Hammered into the mud are campaign signs for Liberal leader Mark Carney and Conservative leader Pierre Poilievre at the only place in the country where the dividing line between parties is as literal as two signs facing off on opposite sides of the road.
The figurative showdown between the leaders is a rare instance of two frontrunners running for parliamentary seats in adjacent electoral districts. And the intersection, the briefest of meeting points for the two districts, captures the stakes of a "highly presidentialised" race.

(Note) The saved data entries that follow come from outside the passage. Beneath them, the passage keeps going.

(* Let $k\ge1$ and $c\in\mathcal{S}_k^\beta$. Then $w_{Hom}(c)=q^{sk-1}$ if $\nu(c)=s-1$; $w_{Hom}(c)=q^{sk-k-1}(q^k-1)$ if $\nu(c)<s-1$; and $w_{Hom}(c)=0$ otherwise.
   Context: Let $R$ be a finite commutative chain ring with maximal ideal $\langle\gamma\rangle$, nilpotency index $s$ and residue field $R/\langle\gamma\rangle\cong\mathbb{F}_q$. Fix coset representatives $T=\{e_0,\dots,e_{q-1}\}$ with $e_0=0,e_1=1$, ordered $e_0<\dots<e_{q-1}$; each $r\in R$ is uniquely $\sum_{i=0}^{s-1}r_i\gamma^i$, $r_i\in T$; order $R$ by $x>y$ iff $x_i>y_i$ in $T$ for the largest $i$ with $x_i\neq y_i$; list $R=\{\rho_0,\dots,\rho_{q^s-1}\}$ increasingly. $\mathbf{a}^{(m)}$ is the constant vector of length $m$. Define $G_1^\alpha=(\rho_0\ \cdots\ \rho_{q^s-1})$ and, for $k>1$, $G_k^\alpha$ as the matrix of $q^s$ column blocks, the $j$-th having first row $\boldsymbol{\rho_j}^{(q^{s(k-1)})}$ and $G_{k-1}^\alpha$ below. List $\langle\gamma\rangle$ increasingly as $a_0\gamma<\dots<a_{q^{s-1}-1}\gamma$. Define $G_1^\beta=(1)$ and, for $k>1$, $G_k^\beta$ as the matrix with column blocks: first a block with first row $\mathbf{1}^{(q^{s(k-1)})}$ and $G_{k-1}^\alpha$ below; then for each $j=0,\dots,q^{s-1}-1$ a block with first row the constant vector with entry $a_j\gamma$ and $G_{k-1}^\beta$ below. $\mathcal{S}_k^\beta$ is the $R$-submodule generated by the rows of $G_k^\beta$. Homogeneous weight: for $x\in R$, $w_{Hom}(x)=0$ if $x=0$; $(q-1)q^{s-2}$ if $x\neq0$, $x\notin\langle\gamma^{s-1}\rangle$; $q^{s-1}$ if $x\neq0$, $x\in\langle\gamma^{s-1}\rangle$; extended to vectors by summing over coordinates. Valuation: for $x\in R\setminus\{0\}$, $\nu(x)$ is the largest $m$ with $x=\gamma^m\beta$, $\beta$ a unit; $\nu(0)=\infty$; for $x\in R^n$, $\nu(x)=\min_i\nu(x_i)$. *)

From HB Require Import structures.
From mathcomp Require Import all_boot all_order all_algebra.
Set Implicit Arguments. Unset Strict Implicit. Unset Printing Implicit Defensive.
Import GRing.Theory.
Local Open Scope ring_scope.

Section ChainRing.
Variables (R : finComUnitRingType) (gamma : R) (s : nat) (T : seq R).
(* Let $\mathcal Y=\{1,\dots,n\}$, $c\in(0,1)$ constant, and let $\mathcal H$ and $\mathcal R$ be closed under scaling. Let $\ell$ be a multi-class surrogate loss that is realizable $\mathcal H$-consistent with respect to $\ell_{0-1}$ (for $\mathcal H$ closed under scaling), and let $\Phi$ be non-increasing with $\Phi(t)\ge1_{t\le0}$ for all $t$ and $\lim_{t\to+\infty}\Phi(t)=0$. Let $\hat h$ be a minimizer of $\mathcal E_\ell$ over $\mathcal H$ and $\hat r$ a minimizer of $\mathcal E_{\ell_{\Phi,\hat h}}$ over $\mathcal R$. Then for any $(\mathcal H,\mathcal R)$-realizable distribution, $\mathcal E_{\mathsf L_{\rm abs}}(\hat h,\hat r)=0$.
   Context: $\mathsf h(x)=\arg\max_y h(x,y)$ with fixed tie-breaking; $\ell_{0-1}(h,x,y)=1_{\mathsf h(x)\ne y}$; $\mathsf L_{\rm abs}(h,r,x,y)=1_{\mathsf h(x)\ne y}1_{r(x)>0}+c\,1_{r(x)\le0}$; $\ell_{\Phi,h}(r,x,y)=1_{\mathsf h(x)\ne y}\Phi(-r(x))+c\,\Phi(r(x))$. $\mathcal E$ denotes expected loss and $\mathcal E^*$ its infimum over the relevant set. Closed under scaling: $g\in\mathcal G\Rightarrow\nu g\in\mathcal G$ for all $\nu\in\mathbb R$. A distribution is $(\mathcal H,\mathcal R)$-realizable if some $h^*\in\mathcal H,r^*\in\mathcal R$ have $\mathcal E_{\mathsf L_{\rm abs}}(h^*,r^* )=0$. $\ell$ is realizable $\mathcal H$-consistent w.r.t. $\ell_{0-1}$ if for every distribution with $\mathcal E^*_{\ell_{0-1}}(\mathcal H)=0$ and every sequence $h_k\in\mathcal H$, $\lim_k\mathcal E_\ell(h_k)=\mathcal E^*_\ell(\mathcal H)$ implies $\lim_k\mathcal E_{\ell_{0-1}}(h_k)=0$. *)

From HB Require Import structures.
From mathcomp Require Import all_boot all_order all_algebra.
From mathcomp Require Import all_classical all_reals all_analysis.
Set Implicit Arguments. Unset Strict Implicit. Unset Printing Implicit Defensive.
Import Order.TTheory GRing.Theory Num.Theory.
Local Open Scope classical_set_scope.
Local Open Scope ring_scope.

(* Label space Y = 'I_n.+1 (n+1 labels), with the discrete sigma-algebra. *)
HB.instance Definition _ (n : nat) := isPointed.Build 'I_n.+1 ord0.
HB.instance Definition _ (n : nat) :=
  @isMeasurable.Build default_measure_display 'I_n.+1
  discrete_measurable discrete_measurable0
  discrete_measurableC discrete_measurableU.

Section Defs.
Context {d : measure_display} {X : measurableType d} {R : realType} {n : nat}.
Local Notation Y := 'I_n.+1.

Definition hyp := X -> Y -> R.
Definition rej := X -> R.

(* h(x) = argmax_y h(x,y), with the fixed tie-breaking of [arg max] *)
Definition hpred (h : hyp) (x : X) : Y := [arg max_(y > ord0) h x y]%O.

Definition loss01 (h : hyp) (x : X) (y : Y) : R := (hpred h x != y)%:R.

Definition Labs (c : R) (h : hyp) (r : rej) (x : X) (y : Y) : R :=
  (hpred h x != y)%:R * ((0 < r x)%R : bool)%:R + c * ((r x <= 0)%R : bool)%:R.

Definition lossPhi (Phi : R -> R) (c : R) (h : hyp) (r : rej) (x : X) (y : Y)
  : R := (hpred h x != y)%:R * Phi (- r x) + c * Phi (r x).

Definition Eloss (P : probability (X * Y)%type R) (f : X -> Y -> R) : \bar R :=
  (\int[P]_z (f z.1 z.2)%:E)%E.

Definition Einf (P : probability (X * Y)%type R) (H : set hyp)
  (L : hyp -> X -> Y -> R) : \bar R :=
  ereal_inf [set Eloss P (L h) | h in H].

Definition closed_scaling (G : set rej) : Prop :=
  forall g, G g -> forall nu : R, G (fun x => nu * g x).

Definition closed_scaling2 (G : set hyp) : Prop :=
  forall g, G g -> forall nu : R, G (fun x y => nu * g x y).

Definition realizable_consistent (ell : hyp -> X -> Y -> R) (H : set hyp)
  : Prop :=
  forall P : probability (X * Y)%type R,
    Einf P H loss01 = 0%E ->
    forall hs : nat -> hyp, (forall k, H (hs k)) ->
      ((fun k => Eloss P (ell (hs k))) @ \oo --> Einf P H ell) ->
      ((fun k => Eloss P (loss01 (hs k))) @ \oo --> 0%E).

Definition realizable (c : R) (P : probability (X * Y)%type R)
  (H : set hyp) (Rs : set rej) : Prop :=
  exists h, exists r, H h /\ Rs r /\ Eloss P (Labs c h r) = 0%E.

End Defs.

From HB Require Import structures.
From mathcomp Require Import all_boot all_order all_algebra.
From mathcomp Require Import all_classical all_reals all_analysis.
From mathcomp Require Import measurable_realfun.
Import Order.TTheory GRing.Theory Num.Theory.
Local Open Scope classical_set_scope.
Local Open Scope ring_scope.
Section EmpiricalProblem.
Variables (R : realType) (dO : measure_display) (Omega : measurableType dO).
Variable P : probability Omega R.
Variables (nx ny N d : nat) (Xset : set 'rV[R]_nx) (Yset : set 'rV[R]_ny).
Variables (X : 'I_nx -> Omega -> R) (Y : 'I_ny -> Omega -> R).
Variables (Xs : nat -> 'I_nx -> Omega -> R) (Ys : nat -> 'I_ny -> Omega -> R).
Variables (phi : 'I_d -> 'rV[R]_nx -> R) (dJ : 'I_N -> 'rV[R]_N -> 'rV[R]_ny -> R)
  (h : 'I_N -> R -> 'rV[R]_ny -> R).
Variables (Rr lam LF Lh Phi : R).
Hypotheses (Rr_ge0 : 0 <= Rr) (Phi_ge0 : 0 <= Phi)
  (feature_le : forall x, Xset x -> norm2 (feature phi x) <= Phi).
Hypothesis F_lip : forall y, Yset y -> forall z1 z2 : 'rV[R]_N,
  Zset phi Xset Rr z1 -> Zset phi Xset Rr z2 ->
  norm2 (Fz dJ z1 y - Fz dJ z2 y) <= LF * norm2 (z1 - z2).
Hypothesis h_lip : forall i y, Yset y -> forall t1 t2,
  Zi phi Xset Rr t1 -> Zi phi Xset Rr t2 -> `|h i t1 y - h i t2 y| <= Lh * `|t1 - t2|.
Hypothesis bounded_at : exists z : 'rV[R]_N, Zset phi Xset Rr z /\ exists M : R,
  forall y, Yset y -> norm2 (Fz dJ z y) <= M /\ forall i, `|h i (z 0 i) y| <= M.
Hypothesis F_mono : forall y, Yset y -> forall z1 z2 : 'rV[R]_N,
  Zset phi Xset Rr z1 -> Zset phi Xset Rr z2 ->
  0 <= inner (Fz dJ z1 y - Fz dJ z2 y) (z1 - z2).
Hypothesis h_convex : forall i y, Yset y -> convex_on (Zi phi Xset Rr) (fun t => h i t y).
Hypotheses (X_in : forall w, Xset (vecof X w)) (Y_in : forall w, Yset (vecof Y w)).
Hypotheses (Xs_in : forall k w, Xset (vecof (Xs k) w))
  (Ys_in : forall k w, Yset (vecof (Ys k) w)).
Hypothesis h_measurable : forall a, clBallN Rr a -> forall i,
  measurable_fun setT (fun w => hb h phi i (row i a) (vecof X w) (vecof Y w)).

Lemma zi_Zi ai x : clBall Rr ai -> Xset x -> Zi phi Xset Rr (zi phi ai x).
Proof. by move=> ai_in x_in; exists ai, x. Qed.

Lemma zhat_Zset (a : 'M[R]_(N, d)) x :
  clBallN Rr a -> Xset x -> Zset phi Xset Rr (zhat phi a x).
Proof. by move=> a_in x_in i; rewrite mxE; apply: zi_Zi. Qed.

Lemma normr_Zi_le t : Zi phi Xset Rr t -> `|t| <= Rr * Phi.
Proof.
move=> [ai [x [ai_in [x_in ->]]]]; apply: le_trans (normr_zi_le _ _ _) _.
by apply: ler_pM; rewrite ?norm2_ge0 ?feature_le.
Qed.

Lemma norm2_Zset_le (z : 'rV[R]_N) :
  Zset phi Xset Rr z -> norm2 z <= ((1 * N)%:R + 1) * (Rr * Phi).
Proof.
move=> z_in; apply: norm2_le_entries; first by rewrite mulr_ge0.
by move=> k i; rewrite (ord1 k); apply/normr_Zi_le/z_in.
Qed.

For nearly two years, Poilievre, a brazen and belligerent seven-term lawmaker, was the heir-apparent to Canada's top job. In poll after poll, his party trounced the governing Liberals in a hypothetical matchup.
Poilievre's attacks on Prime Minister Justin Trudeau were effective and relentless. With a finely tuned sense for what angered voters, he took the unpopular prime minister to task over a cost of living crisis, housing unaffordability, mass immigration and a controversial tax on carbon emissions.
The gambit appeared to be paying off. In early January, Trudeau announced he was resigning after more than a decade in power. The Liberal leader's reputation was tarnished by party infighting and a fatigued electorate. In the days after, the Conservatives hit their highest polling to date and with an election due this year, looked poised for a generation-defining win.
And then Donald Trump barrelled into Canadian politics. The unpredictable US president threatened to impose tariffs on Canada and even to annex the country to make it the 51st state. He addressed Trudeau as "governor" and threatened to use economic coercion.